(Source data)
(* Let $G = K \rtimes_\varphi \langle t\rangle$ be a finitely generated group, where $K$ is abelian, $\langle t\rangle$ is infinite cyclic and $\varphi\in\mathrm{Aut}(K)$, and let $S$ be a finite symmetric generating set of $G$. Let $P_\varphi=\{a\in K:\ \varphi^n(a)=a\text{ for some } n\ge1\}$. Then the relative growth $r\mapsto |P_\varphi\cap S^r|$ is bounded above by a polynomial in $r$.
   Context: $K$ is written additively and $tkt^{-1}=\varphi(k)$. $S^r$ is the set of elements of word length at most $r$ with respect to $S$. *)

(* The group G = K ⋊_phi <t> is modelled concretely as pairs
   (k, m) : K * int, standing for k t^m, with K an additive abelian group
   (zmodType) and phi an additive automorphism of K (given with its inverse). *)
From mathcomp Require Import all_boot all_order all_algebra.
Set Implicit Arguments. Unset Strict Implicit. Unset Printing Implicit Defensive.
Import Order.TTheory GRing.Theory Num.Theory.
Local Open Scope ring_scope.

Section SemiDirect.
Variables (K : zmodType) (phi phiinv : K -> K).

Definition zpow (m : int) : K -> K :=
  match m with
  | Posz n => iter n phi
  | Negz n => iter n.+1 phiinv
  end.

(* (a t^m) (b t^n) = (a + phi^m b) t^(m+n), since t k t^-1 = phi k *)
Definition sd_mul (g h : K * int) : K * int :=
  (g.1 + zpow g.2 h.1, g.2 + h.2).
Definition sd_one : K * int := (0, 0).
Definition sd_inv (g : K * int) : K * int :=
  (- zpow (- g.2) g.1, - g.2).

Definition sd_prod (w : seq (K * int)) : K * int := foldr sd_mul sd_one w.

Definition symmetric_set (S : seq (K * int)) : Prop :=
  forall g, g \in S -> sd_inv g \in S.
Definition generates (S : seq (K * int)) : Prop :=
  forall g : K * int, exists w : seq (K * int), all (mem S) w /\ g = sd_prod w.

Definition in_ball (S : seq (K * int)) (r : nat) (g : K * int) : Prop :=
  exists w : seq (K * int), [/\ all (mem S) w, (size w <= r)%N & g = sd_prod w].

Definition in_Pphi (a : K) : Prop := exists n : nat, (1 <= n)%N /\ iter n phi a = a.
End SemiDirect.

From HB Require Import structures.
From mathcomp Require Import all_boot all_order all_algebra.
From mathcomp Require Import zify.
From Stdlib Require Import Classical.
Set Implicit Arguments. Unset Strict Implicit. Unset Printing Implicit Defensive.
Import GRing.Theory.
Local Open Scope ring_scope.

(* Let X act on K as phi, so that K becomes a Z[X]-module and the first components
   gens of S generate K up to a power of phi.  By the Hilbert basis theorem for Z[X],
   the kernels of h_n(phi), h_n = (X^(n!) - 1)^n, inside the Z[X]-span of gens
   stabilise at some n0; if h_n0(phi) y is p-periodic then h_(p+n0)(phi) kills y,
   so h_n0(phi) y = 0: the image T of h_n0(phi) contains no nonzero periodic element.
   Modulo T, phi^j a (a in gens) is an integer combination of the finitely many
   phi^k (phi^(n0!) - 1)^i a, k < n0!, i < n0, with binomial coefficients bounded by
   (j+1)^n0.  If e lies in S^r, then phi^(tmax r) e is a sum of at most r terms
   phi^j a with j <= 2 tmax r; distinct periodic elements of S^r thus have distinct
   coefficient vectors, all with entries polynomially bounded in r. *)

Definition increasing (T : Type) (U : nat -> T -> Prop) :=
  forall n x, U n x -> U n.+1 x.

Definition stationary (T : Type) (U : nat -> T -> Prop) :=
  exists n0, forall n, (n0 <= n)%N -> forall x, U n x -> U n0 x.

Lemma increasing_le (T : Type) (U : nat -> T -> Prop) : increasing U ->
  forall m n, (m <= n)%N -> forall x, U m x -> U n x.
Proof.
move=> incU m n /subnK <- x Umx.
by elim: (n - m)%N => //= k IH; apply: incU.
Qed.

Definition int_subgroup (H : int -> Prop) :=
  [/\ H 0, (forall x y, H x -> H y -> H (x + y)) & (forall x, H x -> H (- x))].

Lemma int_subgroupMr H x z : int_subgroup H -> H x -> H (x * z).
Proof.
case=> H0 HD HN Hx; elim/int_rec: z => [|n IH|n IH]; first by rewrite mulr0.
  by rewrite intS mulrDr mulr1 addrC; apply: HD.
by rewrite -addn1 PoszD opprD mulrDr mulrN1; apply: HD => //; apply: HN.
Qed.

Lemma int_subgroup_cyclic H : int_subgroup H ->
  exists2 g, H g & forall x, H x -> (g %| x)%Z.
Proof.
move=> sgH; have [H0 HD HN] := sgH.
have Hmod x y : H x -> H y -> H (y %% x)%Z.
  move=> Hx Hy; have -> : (y %% x)%Z = y - (y %/ x)%Z * x.
    by rewrite {2}(divz_eq y x) addrAC subrr add0r.
  apply: HD => //; apply: HN.
  by rewrite mulrC; apply: int_subgroupMr.
have [[x [Hx nz_x]] | no_nz] := classic (exists x, H x /\ x != 0); last first.
  exists 0 => // x Hx; rewrite dvd0z; apply/eqP; apply: NNPP => nz_x.
  by apply: no_nz; exists x; split => //; apply/eqP.
have [v] := ubnP `|x|%N; elim: v x Hx nz_x => [|v IH] x Hx nz_x //= lt_xv.
case: (classic (exists2 y, H y & ~~ (x %| y)%Z)) => [[y Hy ndvd_y] | all_dvd].
  apply: (IH (y %% x)%Z (Hmod x y Hx Hy)).
    by apply: contraNneq ndvd_y => /dvdz_mod0P.
  have := ltz_mod y nz_x; have := modz_ge0 y nz_x; lia.
exists x => // y Hy; apply/negPn/negP => ndvd_y.
by apply: all_dvd; exists y.
Qed.

Lemma int_subgroup_chain_stationary (U : nat -> int -> Prop) :
  (forall n, int_subgroup (U n)) -> increasing U -> stationary U.
Proof.
move=> sgU incU.
have sg_union : int_subgroup (fun x => exists n, U n x).
  split; first by exists 0%N; case: (sgU 0%N).
  - move=> x y [m Umx] [n Uny]; exists (maxn m n); case: (sgU (maxn m n)) => _ UD _.
    by apply: UD; [exact: increasing_le incU _ _ (leq_maxl m n) _ Umx
                  |exact: increasing_le incU _ _ (leq_maxr m n) _ Uny].
  - by move=> x [n Unx]; exists n; case: (sgU n) => _ _; apply.
have [g [n0 Ug] g_dvd] := int_subgroup_cyclic sg_union.
exists n0 => n _ x Unx; have := g_dvd x (ex_intro _ n Unx); rewrite dvdz_eq => /eqP <-.
by rewrite mulrC; apply: int_subgroupMr.
Qed.

Lemma int_subgroup_chain2_stationary (J : nat -> nat -> int -> Prop) :
  (forall n d, int_subgroup (J n d)) ->
  (forall d, increasing (J^~ d)) -> (forall n, increasing (J n)) ->
  exists N, forall n, (N <= n)%N -> forall d c, J n d c -> J N d c.
Proof.
move=> sgJ incn incd.
have J_le m n d e c : (m <= n)%N -> (d <= e)%N -> J m d c -> J n e c.
  move=> le_mn le_de /(increasing_le (incn d) le_mn).
  exact: increasing_le (incd n) _ _ le_de c.
have [n1 diag_st] : stationary (fun n => J n n).
  by apply: int_subgroup_chain_stationary => // n c; apply: J_le.
(* Columns d >= n1 are controlled by the diagonal, the finitely many others one by one. *)
have first_cols m : exists M, forall d, (d < m)%N ->
    forall n, (M <= n)%N -> forall c, J n d c -> J M d c.
  elim: m => [|m [M colsM]]; first by exists 0%N.
  have [Mm colm] := int_subgroup_chain_stationary (sgJ^~ m) (incn m).
  exists (maxn M Mm) => d; rewrite ltnS leq_eqVlt => /predU1P[-> | lt_dm] n le_n c Jc.
    apply: (J_le Mm) (colm n _ _ Jc) => //; first exact: leq_maxr.
    exact: leq_trans (leq_maxr _ _) le_n.
  apply: (J_le M) (colsM d lt_dm n _ _ Jc) => //; first exact: leq_maxl.
  exact: leq_trans (leq_maxl _ _) le_n.
have [M colsM] := first_cols n1.
exists (maxn n1 M) => n le_n d c Jc; have [lt_dn1 | le_n1d] := ltnP d n1.
  apply: (J_le M) (colsM d lt_dn1 n _ _ Jc) => //; first exact: leq_maxr.
  exact: leq_trans (leq_maxr _ _) le_n.
apply: (J_le n1 _ n1) (diag_st (maxn n d) _ _ _) => //; first exact: leq_maxl.
  exact: leq_trans (leq_maxl _ _) (leq_trans le_n (leq_maxl _ _)).
by apply: (J_le n _ d) Jc; [exact: leq_maxl | exact: leq_maxr].
Qed.

Definition poly_ideal (I : {poly int} -> Prop) :=
  [/\ I 0, (forall f g, I f -> I g -> I (f + g)), (forall f, I f -> I (- f))
    & (forall f, I f -> I (f * 'X))].

Definition lead_coefs (I : {poly int} -> Prop) (d : nat) (c : int) :=
  exists f, [/\ I f, (size f <= d.+1)%N & f`_d = c].

Lemma lead_coefs_subgroup I d : poly_ideal I -> int_subgroup (lead_coefs I d).
Proof.
case=> I0 ID IN _; split; first by exists 0; rewrite size_poly0 coef0.
  move=> x y [f [If f_le <-]] [g [Ig g_le <-]]; exists (f + g); split.
  - exact: ID.
  - by apply: leq_trans (size_polyD _ _) _; rewrite geq_max f_le g_le.
  - by rewrite coefD.
by move=> x [f [If f_le <-]]; exists (- f); rewrite size_polyN coefN; split => //; apply: IN.
Qed.

Lemma lead_coefsX I d c : poly_ideal I -> lead_coefs I d c -> lead_coefs I d.+1 c.
Proof.
case=> _ _ _ IX [f [If f_le <-]]; exists (f * 'X); rewrite coefMX; split => //.
  exact: IX.
by have [-> | nz_f] := eqVneq f 0; rewrite ?mul0r ?size_poly0 // size_mulX.
Qed.

Lemma size_poly_leq_drop (R : nzRingType) (p : {poly R}) d :
  (size p <= d.+1)%N -> p`_d = 0 -> (size p <= d)%N.
Proof.
rewrite leq_eqVlt => /predU1P[size_p | //] p_d.
have /eqP : lead_coef p = 0 by rewrite lead_coefE size_p.
by rewrite lead_coef_eq0 => /eqP ->; rewrite size_poly0.
Qed.

Lemma poly_ideal_sub_lead_coefs (I I' : {poly int} -> Prop) :
  poly_ideal I -> poly_ideal I' -> (forall f, I f -> I' f) ->
  (forall d c, lead_coefs I' d c -> lead_coefs I d c) -> forall f, I' f -> I f.
Proof.
move=> [I0 ID IN _] [_ ID' IN' _] sub_II' lc_I'I f.
have [s] := ubnP (size f); elim: s f => // s IH f lt_fs I'f.
case size_f: (size f) => [|d].
  by move/eqP: size_f; rewrite size_poly_eq0 => /eqP ->.
have [h [Ih h_le h_d]] := lc_I'I d f`_d (ex_intro _ f (And3 I'f (eq_leq size_f) erefl)).
have I_fh : I (f - h).
  apply: IH; last by apply: ID' => //; apply: IN'; apply: sub_II'.
  apply: (@leq_ltn_trans d); last by rewrite -ltnS -size_f.
  apply: size_poly_leq_drop; last by rewrite coefB h_d subrr.
  by apply: leq_trans (size_polyD _ _) _; rewrite geq_max size_polyN size_f leqnn.
by rewrite -(subrK h f); apply: ID.
Qed.

Lemma poly_ideal_chain_stationary (I : nat -> {poly int} -> Prop) :
  (forall n, poly_ideal (I n)) -> increasing I -> stationary I.
Proof.
move=> idI incI.
have [N lc_st] : exists N, forall n, (N <= n)%N ->
    forall d c, lead_coefs (I n) d c -> lead_coefs (I N) d c.
  apply: int_subgroup_chain2_stationary => [n d | d n c | n d c].
  - exact: lead_coefs_subgroup.
  - by case=> f [If f_le f_d]; exists f; split => //; apply: incI.
  - exact: lead_coefsX.
exists N => n le_Nn; apply: (poly_ideal_sub_lead_coefs (idI N) (idI n)).
  exact: increasing_le incI _ _ le_Nn.
exact: lc_st.
Qed.

Lemma subrX1_dvd (R : comPzRingType) (x : R) a b : (a %| b)%N ->
  exists q, x ^+ b - 1 = q * (x ^+ a - 1).
Proof.
case/dvdnP=> k ->; exists (\sum_(i < k) (x ^+ a) ^+ (k.-1 - i) * 1 ^+ i).
by rewrite mulnC exprM -[in LHS](expr1n R k) subrXX mulrC.
Qed.

Lemma leq_expn2r m n e : (m <= n)%N -> (m ^ e <= n ^ e)%N.
Proof. by move=> le_mn; elim: e => // e IH; rewrite !expnS leq_mul. Qed.

Lemma bin_leq_expn n m : ('C(n, m) <= n ^ m)%N.
Proof.
apply: leq_trans (_ : n ^_ m <= _)%N.
  by rewrite -bin_ffact leq_pmulr ?fact_gt0.
rewrite ffact_prod -[X in (n ^ X)%N](card_ord m) -prod_nat_const.
by apply: leq_prod => i _; apply: leq_subr.
Qed.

__WHAT THE TASK ASKS__. Find each line in the records above that contains "mulrC", and copy it.

__SOLUTION__.
  by rewrite mulrC; apply: int_subgroupMr.
by rewrite mulrC; apply: int_subgroupMr.
by rewrite mulnC exprM -[in LHS](expr1n R k) subrXX mulrC.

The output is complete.